Hardcoded user-specific path — scripts will fail for any other user (blocking)
SCRIPT_DIR="/global/homes/y/yak/E2SAR/scripts/zero_to_hero"This path is hard-coded to the yak account on Perlmutter. Any other user who submits this job will immediately get a "No such file or directory" error when the script tries to invoke "$SCRIPT_DIR/minimal_receiver.sh" or "$SCRIPT_DIR/minimal_reserve.sh".
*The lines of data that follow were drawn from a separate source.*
Lemma is_integral_depends (d : nat) (g : Sigma -> R) :
  depends_on_first d g -> is_integral m g (riemann_sum m g d).
Proof.
  intros Hg eps Heps; exists d; intros n Hn; unfold R_dist.
  rewrite (riemann_sum_stable d g n Hg Hn), Rminus_diag, Rabs_R0; exact Heps.
Qed.

Lemma is_integral_cyl (w : word) : is_integral m (cyl_ind w) (m w).
Proof.
  pose proof (is_integral_depends _ _ (cyl_ind_depends w)) as Hw.
  rewrite riemann_sum_sum_over, sum_over_words_cyl in Hw; exact Hw.
Qed.

Lemma is_integral_ext (g h : Sigma -> R) (I : R) :
  (forall x, g x = h x) -> is_integral m g I -> is_integral m h I.
Proof.
  intros Hgh; apply Un_cv_ext; intros n; rewrite !riemann_sum_sum_over.
  apply sum_over_ext; intros; rewrite Hgh; reflexivity.
Qed.

Lemma is_integral_unique (g : Sigma -> R) (I J : R) :
  is_integral m g I -> is_integral m g J -> I = J.
Proof. apply UL_sequence. Qed.

Lemma is_integral_scal (c : R) (g : Sigma -> R) (I : R) :
  is_integral m g I -> is_integral m (fun x => c * g x) (c * I).
Proof.
  intros Hg; apply (Un_cv_ext (fun n => c * riemann_sum m g n));
    [|apply CV_mult; [apply Un_cv_const | exact Hg]].
  intros n; rewrite !riemann_sum_sum_over, <- sum_over_scal; apply sum_over_ext; intros; ring.
Qed.

Lemma is_integral_plus (g h : Sigma -> R) (I J : R) :
  is_integral m g I -> is_integral m h J -> is_integral m (fun x => g x + h x) (I + J).
Proof.
  intros Hg Hh; apply (Un_cv_ext (fun n => riemann_sum m g n + riemann_sum m h n));
    [|apply CV_plus; assumption].
  intros n; rewrite !riemann_sum_sum_over, <- sum_over_plus; apply sum_over_ext; intros; ring.
Qed.

Lemma is_integral_le (g h : Sigma -> R) (I J : R) :
  (forall x, g x <= h x) -> is_integral m g I -> is_integral m h J -> I <= J.
Proof.
  intros Hgh Hg Hh; eapply Rle_cv_lim; [|exact Hg | exact Hh]; intros n.
  rewrite !riemann_sum_sum_over; apply sum_over_le; intros v.
  destruct hm as [_ [Hpos _]]; apply Rmult_le_compat_r; auto.
Qed.

End CylinderIntegral.

(** * The eigenfunction *)

Definition depth (H0 H1 : nat -> R) (c : bool) : nat -> R := if c then H1 else H0.

Definition run (b : bool) (n : nat) (y : Sigma) : Sigma := scat (repeat b n) y.

Lemma tail_summable_bounded (h : nat -> R) : tail_summable h -> exists C, forall n, h (S n) <= C.
Proof.
  intros [d [Hd _]]; exists (h 1%nat + d 1%nat); intros n.
  assert (Hosc : Rabs (h 1%nat - h (1 + n)%nat) <= d 1%nat)
    by (apply (proj1 (Hd 1%nat)); exists n; reflexivity).
  pose proof (Rle_abs (h (S n) - h 1%nat)) as Hle; rewrite Rabs_minus_sym in Hle; simpl in *; lra.
Qed.

Section Eigenfunction.
Context {H : Sigma -> R} {H0 H1 : nat -> R} {beta lam : R} {Phi : Sigma -> R}.
Hypotheses (hH : reduced_double_well H H0 H1) (hbeta : 0 < beta)
  (hPhi : is_eigenfunction beta H lam Phi).

Local Notation Fw c := (Fterm beta lam (depth H0 H1 c)).

Lemma Phi_continuous : continuous_S Phi.
Proof. apply hPhi. Qed.
Lemma Phi_pos (x : Sigma) : 0 < Phi x.
Proof. apply hPhi. Qed.
Lemma Phi_le_1 (x : Sigma) : Phi x <= 1.
Proof. apply hPhi. Qed.
Lemma Phi_eigen (x : Sigma) : transfer beta H Phi x = lam * Phi x.
Proof. apply hPhi. Qed.

Lemma H_diag (x : Sigma) : x O = x 1%nat -> H x = 0.
Proof. apply hH. Qed.

Lemma H_well (b : bool) (n : nat) (x : Sigma) :
  (1 <= n)%nat -> in_cyl (b :: repeat (negb b) n ++ [b]) x -> H x = depth H0 H1 b n.
Proof.
  destruct hH as (_ & _ & _ & _ & H0x & H1x & _); intros Hn Hx.
  destruct b; [apply H1x | apply H0x]; assumption.
Qed.

Lemma lam_pos : 0 < lam.
Proof.
  set (x := fun _ : nat => false); pose proof (Phi_eigen x) as Heig; unfold transfer in Heig.
  pose proof (Phi_pos x); pose proof (Phi_pos (scons false x)); pose proof (Phi_pos (scons true x)).
  pose proof (exp_pos (- beta * H (scons false x))); pose proof (exp_pos (- beta * H (scons true x))).
  nra.
Qed.

Lemma Fterm_pos (c : bool) (k : nat) : 0 < Fw c k.
Proof. apply Rmult_lt_0_compat; [apply Rinv_0_lt_compat, pow_lt, lam_pos | apply exp_pos]. Qed.

Lemma Phi_run_step (b : bool) (n : nat) (y : Sigma) : y O = negb b ->
  / lam ^ n * Phi (run b (S n) y)
  = Fw (negb b) (S n) * Phi (scons (negb b) (run b (S n) y))
    + / lam ^ S n * Phi (run b (S (S n)) y).
Proof.
  intros Hy; set (x := run b (S n) y).
  assert (Hstay : H (scons b x) = 0) by (apply H_diag; reflexivity).
  assert (Hleave : H (scons (negb b) x) = depth H0 H1 (negb b) (S n)).
  { apply H_well; [lia|]; rewrite Bool.negb_involutive; apply in_cyl_cons_scons; split; [reflexivity|].
    apply in_cyl_scat_app; intros [|i] Hi; simpl in *; [exact Hy | lia]. }
  assert (Heig : lam * Phi x
                 = Phi (scons b x) + exp (- beta * depth H0 H1 (negb b) (S n)) * Phi (scons (negb b) x)).
  { rewrite <- Phi_eigen, <- Hleave; unfold transfer.
    destruct b; simpl negb in *; rewrite Hstay, Rmult_0_r, exp_0; ring. }
  change (run b (S (S n)) y) with (scons b x).
  pose proof lam_pos; pose proof (pow_lt lam n ltac:(lra)).
  unfold Fterm; simpl pow; apply (Rmult_eq_reg_l (lam ^ n * lam)); [|nra].
  field_simplify; [rewrite Heig; ring | lra | lra].
Qed.

Lemma Phi_run_partial (b : bool) (n : nat) (y : Sigma) (J : nat) : y O = negb b ->
  / lam ^ n * Phi (run b (S n) y)
  = sum_f_R0 (fun j => Fw (negb b) (S n + j) * Phi (scons (negb b) (run b (S n + j) y))) J
    + / lam ^ (S n + J) * Phi (run b (S (S n + J)) y).
Proof.
  intros Hy; induction J as [|J IH].
  - simpl sum_f_R0; rewrite !Nat.add_0_r; apply Phi_run_step, Hy.
  - rewrite IH, (Phi_run_step b (S n + J) y Hy), tech5; cbv beta; rewrite Nat.add_succ_r; ring.
Qed.

Lemma Phi_lower_bound : exists c, 0 < c /\ forall x, c <= Phi x.
Proof.
  destruct (continuous_min_on_cyl Phi [] 0 Phi_continuous (fun x => Rlt_le _ _ (Phi_pos x)))
    as [x0 [_ Hmin]].
  exists (Phi x0); split; [apply Phi_pos | intros x; apply Hmin; intros i Hi; simpl in Hi; lia].
Qed.

Lemma Fterm_partial_bounded (b : bool) :
  exists B, forall J, sum_f_R0 (fun j => Fw (negb b) (S j)) J <= B.
Proof.
  destruct Phi_lower_bound as [c [Hc Hcx]]; exists (/ c); intros J.
  set (y := fun _ : nat => negb b).
  pose proof (Phi_run_partial b 0 y J eq_refl) as Hexp.
  assert (Hrem : 0 <= / lam ^ (1 + J) * Phi (run b (S (1 + J)) y)).
  { apply Rmult_le_pos; [left; apply Rinv_0_lt_compat, pow_lt, lam_pos | left; apply Phi_pos]. }
  assert (Hlow : c * sum_f_R0 (fun j => Fw (negb b) (S j)) J
                 <= sum_f_R0 (fun j => Fw (negb b) (1 + j) * Phi (scons (negb b) (run b (1 + j) y))) J).
  { rewrite scal_sum; apply sum_Rle; intros j _.
    apply Rmult_le_compat_l; [left; apply Fterm_pos | apply Hcx]. }
  pose proof (Phi_le_1 (run b 1 y)); rewrite pow_O, Rinv_1 in Hexp.
  apply (Rmult_le_reg_l c); [exact Hc|]; rewrite Rinv_r by lra; lra.
Qed.

Lemma lam_gt_1 : 1 < lam.
Proof.
  apply Rnot_le_lt; intros Hlam; pose proof lam_pos as Hlam0.
  destruct hH as (_ & _ & _ & _ & _ & _ & _ & _ & _ & Htail1).
  destruct (tail_summable_bounded H1 Htail1) as [C HC].
  destruct (Fterm_partial_bounded false) as [B HB].
  set (d := exp (- beta * C)); assert (Hd : 0 < d) by apply exp_pos.
  assert (Hterm : forall j, d <= Fw (negb false) (S j)).
  { intros j; unfold Fterm; simpl depth; rewrite <- (Rmult_1_l d); apply Rmult_le_compat; [lra | lra | |].
    - pose proof (pow_lt lam (S j) Hlam0).
      assert (lam ^ S j <= 1) by (rewrite <- (pow1 (S j)); apply pow_incr; lra).
      rewrite <- Rinv_1; apply Rinv_le_contravar; lra.
    - assert (Hle : - beta * C <= - beta * H1 (S j)) by (specialize (HC j); nra).
      destruct Hle as [Hlt|Heq]; [left; apply exp_increasing, Hlt | unfold d; rewrite Heq; lra]. }
  destruct (INR_unbounded (B / d)) as [J HJ].
  pose proof (HB J) as HBJ.
  pose proof (sum_Rle (fun _ => d) _ J (fun j _ => Hterm j)) as Hsum; rewrite sum_cte in Hsum.
  assert (INR J <= INR (S J)) by (apply le_INR; lia).
  assert (B < d * INR (S J)); [|lra].
  apply (Rmult_lt_reg_l (/ d)); [apply Rinv_0_lt_compat, Hd|].
  replace (/ d * (d * INR (S J))) with (INR (S J)) by (field; lra).
  unfold Rdiv in HJ; lra.
Qed.

Lemma F_exists : exists F : bool -> R, forall c, infinite_sum (fun k => Fw c (S k)) (F c).
Proof.
  apply (choice (fun c F => infinite_sum (fun k => Fw c (S k)) F)); intros c.
  destruct (Fterm_partial_bounded (negb c)) as [B HB]; rewrite Bool.negb_involutive in HB.
  apply (infinite_sum_of_bounded _ B); [intros k; left; apply Fterm_pos | exact HB].
Qed.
The challenge is real: SLURM copies the batch script to a tmpdir, so ${BASH_SOURCE[0]} points there at runtime — but the simplest portable fix is to require that SCRIPT_DIR be set in the environment before submission, with a clear error if it is not:
if [[ -z "${E2SAR_SCRIPTS_DIR:-}" ]]; then
echo "ERROR: E2SAR_SCRIPTS_DIR must be set to the zero_to_hero directory"
echo " export E2SAR_SCRIPTS_DIR=/path/to/E2SAR/scripts/zero_to_hero"
exit 1
fi
SCRIPT_DIR="$E2SAR_SCRIPTS_DIR"This is consistent with the E2SAR_SCRIPTS_DIR variable already exported by setup_env.sh.
| # Parse node list | ||
| NODE_ARRAY=($(scontrol show hostname $SLURM_JOB_NODELIST)) | ||
|
|
||
| # Port stride matches receive thread count: each receiver binds RECV_THREADS consecutive ports |
There was a problem hiding this comment.
Same hardcoded user-specific path as in perlmutter_slurm.sh (blocking)
SCRIPT_DIR="/global/homes/y/yak/E2SAR/scripts/zero_to_hero"Same issue: this script is non-functional for any user other than yak. Apply the same fix — require E2SAR_SCRIPTS_DIR to be set in the environment and validate it, rather than hardcoding an absolute path.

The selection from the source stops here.